Ahh, I just noticed the problem. Your disks section thinks you're putting the data filesystem on partition 1, but your filesystems section thinks you're putting it directly on an unpartitioned disk. As a result, the partition table is overwriting the start of the filesystem and the filesystem is overwriting the partition table. The fix is to have the filesystems section refer to the partition created in the disks section.

bgilbert commented 2 years ago

Filed https://github.com/coreos/ignition/issues/1397 to automatically generate a warning in this case.

stereobutter commented 2 years ago

Thank you a lot for you patience 🙇 Using /dev/disk/by-partlabel/user_data for the filesystem worked as expected 🥳

If you can perhaps point me in the right direction, I'd be happy to try and contribute using the WALA udev rules for azure disks either in the docs or directly in the fcos images for azure. What do you think?

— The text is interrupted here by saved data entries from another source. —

(* Let $X$ and $Y$ be finite $T_0$-spaces. (1) If $X$ and $Y$ are minimal finite spaces and $X$ is homotopy equivalent to $Y$, then $\det(X_M)=\det(Y_M)$. (2) If $X$ is homotopy equivalent to $Y$, then $|\det(X_M)|=|\det(Y_M)|$. (3) If $X$ is contractible, then $\det(X_M)=0$.
   Context: A finite $T_0$-space is identified with a finite poset via $x\le y$ iff $U_x\subseteq U_y$, where $U_x$ is the minimal open set containing $x$. For a labelling $X=\{x_1,\dots,x_n\}$, $X_M=(x_{i,j})$ is the $n\times n$ matrix with $x_{i,j}=0$ if $x_i\le x_j$ and $x_{i,j}=1$ otherwise; its determinant does not depend on the labelling. A point $x$ is a beat point if $\{y:y<x\}$ has a maximum or $\{y:y>x\}$ has a minimum. A minimal finite space is a finite $T_0$-space with no beat points. Homotopy equivalence and contractibility are in the usual topological sense. *)

From HB Require Import structures.
From mathcomp Require Import all_boot all_order all_algebra.
From mathcomp Require Import all_classical all_reals.
From mathcomp Require Import topology separation_axioms.
From mathcomp Require Import Rstruct Rstruct_topology.
From Stdlib Require Import Rdefinitions.

Set Implicit Arguments.
Unset Strict Implicit.
Unset Printing Implicit Defensive.
Import Order.TTheory GRing.Theory Num.Theory.
Local Open Scope classical_set_scope.
Local Open Scope ring_scope.

Definition RR : realType := Rdefinitions.R.

Section FiniteSpaces.
Variable X : topologicalType.

(* A labelling of X by 'I_n (in particular X is finite with n points). *)
Definition labelling (n : nat) (f : 'I_n -> X) := bijective f.

Definition finite_T0 (n : nat) (f : 'I_n -> X) :=
  labelling f /\ kolmogorov_space X.

Definition minU (x : X) : set X := \bigcap_(U in [set U | open U /\ U x]) U.

Definition fle (x y : X) : Prop := minU x `<=` minU y.
Definition flt (x y : X) : Prop := fle x y /\ x <> y.

Definition beat_point (x : X) : Prop :=
  (exists m, flt m x /\ forall y, flt y x -> fle y m) \/
  (exists m, flt x m /\ forall y, flt x y -> fle m y).

Definition minimal_finite_space (n : nat) (f : 'I_n -> X) :=
  finite_T0 f /\ forall x : X, ~ beat_point x.

Definition XM (n : nat) (f : 'I_n -> X) : 'M[int]_n :=
  \matrix_(i < n, j < n) (if `[< fle (f i) (f j) >] then 0 else 1).
End FiniteSpaces.

Definition homotopic (X Y : topologicalType) (f g : X -> Y) : Prop :=
  exists H : X * RR -> Y,
    {within [set p : X * RR | (0 <= p.2 <= 1)%R], continuous H} /\
    (forall x, H (x, 0%R) = f x) /\ (forall x, H (x, 1%R) = g x).

Definition homotopy_equivalent (X Y : topologicalType) : Prop :=
  exists (f : X -> Y) (g : Y -> X),
    continuous f /\ continuous g /\
    homotopic (g \o f) idfun /\ homotopic (f \o g) idfun.

Definition contractible (X : topologicalType) : Prop :=
  exists x0 : X, homotopic idfun (fun _ : X => x0).

From HB Require Import structures.
From mathcomp Require Import all_boot all_order all_algebra.
From mathcomp Require Import all_classical all_reals.
From mathcomp Require Import topology separation_axioms normedtype.
From mathcomp Require Import Rstruct Rstruct_topology.
From Stdlib Require Import Rdefinitions Relation_Operators.

Set Implicit Arguments.
Unset Strict Implicit.
Unset Printing Implicit Defensive.
Import Order.TTheory GRing.Theory Num.Theory.
Lemma dpairC (x y : A) : dpair x y = dpair y x.
Proof. by apply: eq_bigr => i _; rewrite mulrC. Qed.

Lemma dpair_scalar (z : A) : scalar_map (dpair z).
Proof.
move=> a x y; rewrite /dpair mulr_sumr -big_split.
by apply: eq_bigr => i _; rewrite !mxE mulrDr mulrCA.
Qed.

Lemma dpair_bilinear : bilinear_form (@dpair K n).
Proof. by split=> a x y z; rewrite ?(dpairC _ z) dpair_scalar. Qed.

Lemma ebasE i a : eb i 0 a = (a == i)%:R.
Proof. by rewrite mxE eqxx. Qed.

Lemma dpair_ebas (z : A) j : dpair z (eb j) = z 0 j.
Proof.
rewrite /dpair (bigD1 j) //= ebasE eqxx mulr1 big1 ?addr0 // => i /negbTE ji.
by rewrite ebasE ji mulr0.
Qed.

Lemma dpair_inj (u v : A) : (forall z, dpair z u = dpair z v) -> u = v.
Proof. by move=> h; apply/rowP => j; rewrite -!dpair_ebas !(dpairC _ (eb j)) h. Qed.

Lemma TmapE (r : 'M[K]_n) (z : A) : Tmap r z = z *m r.
Proof. by apply/rowP => j; rewrite !mxE; apply: eq_bigr => i _; rewrite mulrC. Qed.

Lemma Tmap_linear (r : 'M[K]_n) : linear_map (Tmap r).
Proof. by move=> a x y; rewrite !TmapE mulmxDl scalemxAl. Qed.

Lemma Tmap_sum (I : finType) (M : I -> 'M[K]_n) (z : A) :
  Tmap (\sum_k M k) z = \sum_k Tmap (M k) z.
Proof. by rewrite TmapE mulmx_sumr; apply: eq_bigr => k _; rewrite TmapE. Qed.

Lemma TmapDl (r1 r2 : 'M[K]_n) (z : A) : Tmap (r1 + r2) z = Tmap r1 z + Tmap r2 z.
Proof. by rewrite !TmapE mulmxDr. Qed.

Lemma Tmap0l (z : A) : Tmap 0 z = 0.
Proof. by rewrite TmapE mulmx0. Qed.

Lemma TmapBl (r1 r2 : 'M[K]_n) (z : A) : Tmap (r1 - r2) z = Tmap r1 z - Tmap r2 z.
Proof. by rewrite !TmapE mulmxBr. Qed.

Lemma Tmap_eq0 (M : 'M[K]_n) : (forall z, Tmap M z = 0) -> M = 0.
Proof. by move=> h; apply/row_matrixP => i; rewrite rowE row0 -TmapE h. Qed.

Lemma dpair_Tmap_tau (r : 'M[K]_n) (z y : A) : dpair y (Tmap (tau r) z) = dpair z (Tmap r y).
Proof.
rewrite /dpair; under eq_bigr do rewrite mxE mulr_sumr.
rewrite exchange_big; apply: eq_bigr => i _; rewrite mxE mulr_sumr.
by apply: eq_bigr => j _; rewrite mxE; ring.
Qed.

Lemma tau_symmetrized (s : 'M[K]_n) : tau (s + tau s) = s + tau s.
Proof. by rewrite /tau linearD /= trmxK addrC. Qed.

Lemma Tmap_tensor2 (x y z : A) : Tmap (tensor2 x y) z = dpair z x *: y.
Proof.
apply/rowP => j; rewrite !mxE mulr_suml; apply: eq_bigr => i _.
by rewrite !mxE; ring.
Qed.

Lemma Tmap_tlE (s : 'M[K]_n) (z : A) : Tmap s z = \sum_p dpair z (tl s p) *: tr K p.
Proof.
rewrite (eq_bigr (fun p => (s p.1 p.2 * z 0 p.1) *: eb p.2)) => [|p _]; last first.
  by rewrite /tl (scalar_mapZ (dpair_scalar z)) dpair_ebas.
rewrite -(pair_bigA _ (fun i j => (s i j * z 0 i) *: eb j)) /= exchange_big /=.
rewrite [LHS]row_sum_delta; apply: eq_bigr => j _; rewrite -scaler_suml !mxE.
by congr (_ *: _); apply: eq_bigr => i _; rewrite mulrC.
Qed.

Lemma Tmap_tau_tlE (s : 'M[K]_n) (w : A) : Tmap (tau s) w = \sum_p dpair w (tr K p) *: tl s p.
Proof.
rewrite (eq_bigr (fun p => (w 0 p.2 * s p.1 p.2) *: eb p.1)) => [|p _]; last first.
  by rewrite /tl dpair_ebas scalerA.
rewrite -(pair_bigA _ (fun i j => (w 0 j * s i j) *: eb i)) /=.
rewrite [LHS]row_sum_delta; apply: eq_bigr => i _; rewrite -scaler_suml !mxE.
by congr (_ *: _); apply: eq_bigr => j _; rewrite !mxE mulrC.
Qed.

(* [dpair w (Tmap M z)] is the pairing of the 2-tensor [M] with [z (x) w]. *)
Lemma Tmap_tmap (f g : A -> A) (s : 'M[K]_n) (z : A) :
  Tmap (tmap f g s) z = \sum_p dpair z (f (tl s p)) *: g (tr K p).
Proof. by rewrite Tmap_sum; apply: eq_bigr => p _; rewrite Tmap_tensor2. Qed.

Lemma Tmap_tmap_idl (g : A -> A) (g_lin : linear_map g) (s : 'M[K]_n) (z : A) :
  Tmap (tmap id g s) z = g (Tmap s z).
Proof.
rewrite Tmap_tmap Tmap_tlE (linear_map_sum g_lin).
by apply: eq_bigr => p _; rewrite (linear_mapZ g_lin).
Qed.

Lemma dpair_Tmap_tmap_idr (f : A -> A) (f_lin : linear_map f) (s : 'M[K]_n) (z w : A) :
  dpair w (Tmap (tmap f id s) z) = dpair z (f (Tmap (tau s) w)).
Proof.
rewrite Tmap_tmap Tmap_tau_tlE (linear_map_sum f_lin).
rewrite !(scalar_map_sum (dpair_scalar _)); apply: eq_bigr => p _.
by rewrite (linear_mapZ f_lin) !(scalar_mapZ (dpair_scalar _)) mulrC.
Qed.

Lemma dpair_bilinear_sum (f : A -> A -> A) (f_bil : bilinear_prod f) (I J : finType)
    (c : I -> K) (d : J -> K) (x : I -> A) (y : J -> A) (w : A) :
  \sum_p \sum_q c p * d q * dpair w (f (x p) (y q)) =
  dpair w (f (\sum_p c p *: x p) (\sum_q d q *: y q)).
Proof.
rewrite (prod_suml f_bil) (scalar_map_sum (dpair_scalar w)).
apply: eq_bigr => p _; rewrite (prodZl f_bil) (scalar_mapZ (dpair_scalar w)).
rewrite (prod_sumr f_bil) (scalar_map_sum (dpair_scalar w)) mulr_sumr.
by apply: eq_bigr => q _; rewrite (prodZr f_bil) (scalar_mapZ (dpair_scalar w)) mulrA.
Qed.

Definition dpair3 (F : {ffun 'I_n * 'I_n * 'I_n -> K}) (z w u : A) :=
  \sum_t F t * tensor3 z w u t.

Lemma sum_triple (G : 'I_n * 'I_n * 'I_n -> K) :
  \sum_t G t = \sum_i \sum_j \sum_k G ((i, j), k).
Proof. by rewrite pair_bigA pair_bigA; apply: eq_bigr => -[[i j] k]. Qed.

Lemma dpair3_tensor3 (x y v z w u : A) :
  dpair3 (tensor3 x y v) z w u = dpair z x * dpair w y * dpair u v.
Proof.
rewrite /dpair3 sum_triple /dpair !mulr_suml; apply: eq_bigr => i _.
rewrite -mulrA mulr_suml mulr_sumr; apply: eq_bigr => j _; rewrite !mulr_sumr.
by apply: eq_bigr => k _; rewrite !ffunE /=; ring.
Qed.

Lemma dpair3_sum (I : finType) (F : I -> {ffun 'I_n * 'I_n * 'I_n -> K}) (z w u : A) :
  dpair3 (\sum_k F k) z w u = \sum_k dpair3 (F k) z w u.
Proof.
rewrite /dpair3 [RHS]exchange_big; apply: eq_bigr => t _.
by rewrite sum_ffunE mulr_suml.
Qed.

Lemma dpair3D (F G : {ffun 'I_n * 'I_n * 'I_n -> K}) (z w u : A) :
  dpair3 (F + G) z w u = dpair3 F z w u + dpair3 G z w u.
Proof. by rewrite /dpair3 -big_split; apply: eq_bigr => t _; rewrite ffunE mulrDl. Qed.

Lemma dpair3_ebas (F : {ffun 'I_n * 'I_n * 'I_n -> K}) i j k :
  dpair3 F (eb i) (eb j) (eb k) = F ((i, j), k).
Proof.
rewrite /dpair3 (bigD1 ((i, j), k)) //= big1 => [|[[a b] c] /negbTE t_neq].
  by rewrite !ffunE /= !ebasE !eqxx !mulr1 addr0.
by rewrite ffunE /= !ebasE -!natrM !mulnb -!xpair_eqE t_neq mulr0.
Qed.

Lemma dpair3_0 (z w u : A) : dpair3 0 z w u = 0.
Proof. by rewrite /dpair3 big1 // => t _; rewrite ffunE mul0r. Qed.

Lemma dpair3_eq0 (F : {ffun 'I_n * 'I_n * 'I_n -> K}) :
  (forall z w u, dpair3 F z w u = 0) -> F = 0.
Proof. by move=> h; apply/ffunP => -[[i j] k]; rewrite -dpair3_ebas h ffunE. Qed.

Section Products.
Variables succ prec : A -> A -> A.
Hypotheses (succ_bil : bilinear_prod succ) (prec_bil : bilinear_prod prec).
Local Notation circ := (circ succ prec).
Local Notation odot := (odot succ prec).
Local Notation star := (star succ prec).

Lemma circ_bilinear : bilinear_prod circ.
Proof.
by split=> a x y z; rewrite /Defs.circ (succ_bil.1, succ_bil.2) (prec_bil.1, prec_bil.2)
  scalerDr addrACA.
Qed.

Lemma odot_bilinear : bilinear_prod odot.
Proof.
by split=> a x y z; rewrite /Defs.odot (succ_bil.1, succ_bil.2) (prec_bil.1, prec_bil.2)
  scalerDr addrACA.
Qed.

Lemma star_linear x : linear_map (star x).
Proof.
by move=> a u v; rewrite /Defs.star circ_bilinear.1 circ_bilinear.2 [in RHS]scalerDr addrACA.
Qed.

Definition YBE_tensor (s : 'M[K]_n) : {ffun 'I_n * 'I_n * 'I_n -> K} :=
  \sum_p \sum_q
     (tensor3 (circ (tl s p) (tl s q)) (tr K p) (tr K q)
      + tensor3 (tl s q) (tl s p) (odot (tr K p) (tr K q))
      + tensor3 (tl s p) (prec (tr K p) (tl s q)) (tr K q)).

Lemma dpair3_YBE (s : 'M[K]_n) (z w u : A) :
  dpair3 (YBE_tensor s) z w u =
  dpair z (circ (Tmap (tau s) w) (Tmap (tau s) u)) + dpair u (odot (Tmap s w) (Tmap s z))
  + dpair w (prec (Tmap s z) (Tmap (tau s) u)).
Proof.
rewrite !Tmap_tau_tlE !Tmap_tlE.
rewrite -(dpair_bilinear_sum circ_bilinear) -(dpair_bilinear_sum odot_bilinear).
rewrite -(dpair_bilinear_sum prec_bil).
rewrite dpair3_sum -!big_split /=; apply: eq_bigr => p _.
rewrite dpair3_sum -!big_split /=; apply: eq_bigr => q _.
by rewrite !dpair3D !dpair3_tensor3; ring.
Qed.

End Products.

Section Sharp.
Variable om : A -> A -> K.
Hypothesis om_bil : bilinear_form om.

Lemma dpair_sharp x y : dpair (sharp om x) y = om x y.
Proof.
rewrite {2}(row_sum_delta y) (scalar_map_sum (bilinear_form_linr om_bil x)).
by apply: eq_bigr => j _; rewrite (formZr om_bil) !mxE mulrC.
Qed.

Lemma sharp_linear : linear_map (sharp om).
Proof. by move=> a x y; apply/rowP => j; rewrite !mxE om_bil.1. Qed.

Lemma sharp_bijective : (forall x, (forall y, om x y = 0) -> x = 0) -> bijective (sharp om).
Proof.
move=> om_nondeg; pose W : 'M[K]_n := \matrix_(i, j) om (eb i) (eb j).
have sharpW x : sharp om x = x *m W.
  apply/rowP => j; rewrite {1}(row_sum_delta x) !mxE.
  rewrite (scalar_map_sum (bilinear_form_linl om_bil (eb j))).
  by apply: eq_bigr => i _; rewrite (formZl om_bil) !mxE.
have W_unit : W \in unitmx.
  rewrite -row_free_unit; apply: inj_row_free => v vW0; apply: om_nondeg => y.
  by rewrite -dpair_sharp sharpW vW0 dpairC (scalar_map0 (dpair_scalar y)).
by exists (mulmx^~ (invmx W)) => x; rewrite sharpW ?mulmxK ?mulmxKV.
Qed.

Hypothesis sharp_bij : bijective (sharp om).

Lemma form_nondeg x : (forall y, om x y = 0) -> x = 0.
Proof.
move=> om_x0; apply: (bij_inj sharp_bij); rewrite (linear_map0 sharp_linear).
by apply/rowP => j; rewrite !mxE om_x0.
Qed.

Lemma dpair_sharp_inj (u v : A) : (forall y, dpair (sharp om y) u = dpair (sharp om y) v) -> u = v.
Proof.
have [g _ gK] := sharp_bij.
by move=> h; apply: dpair_inj => z; rewrite -[z]gK h.
Qed.

Lemma tensor_eq0_sharp (M : 'M[K]_n) :
  (forall a b, dpair (sharp om b) (Tmap M (sharp om a)) = 0) -> M = 0.
Proof.
have [g _ gK] := sharp_bij.
move=> h; apply: Tmap_eq0 => z; apply: dpair_sharp_inj => b.
by rewrite -[z]gK h (scalar_map0 (dpair_scalar _)).
Qed.

End Sharp.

bgilbert commented 2 years ago

Contributions are welcome if you're able to help! Ideally the rules would be included in a Fedora package that we could ship. Failing that, we could consider shipping them directly in fedora-coreos-config. I don't think the docs are a good way to proceed, especially since any udev rules specified via Ignition config don't take affect until after Ignition runs.

dustymabe commented 2 years ago

Regarding udev rules we already include the WALinuxAgent RPM in FCOS and have some glue to copy the udev rules into the initramfs.

One problem I see is that the RPM is a bit out of date with the latest release so maybe we just need to get the maintainer to bump things? --> Open BZ requesting new release be built: https://bugzilla.redhat.com/show_bug.cgi?id=2040980

jlebon commented 7 months ago

The nuclear workaround for this is documented for now at https://github.com/openshift/os/blob/master/docs/faq.md#q-how-do-i-configure-a-secondary-block-device-via-ignitionmc-if-the-name-varies-on-each-node.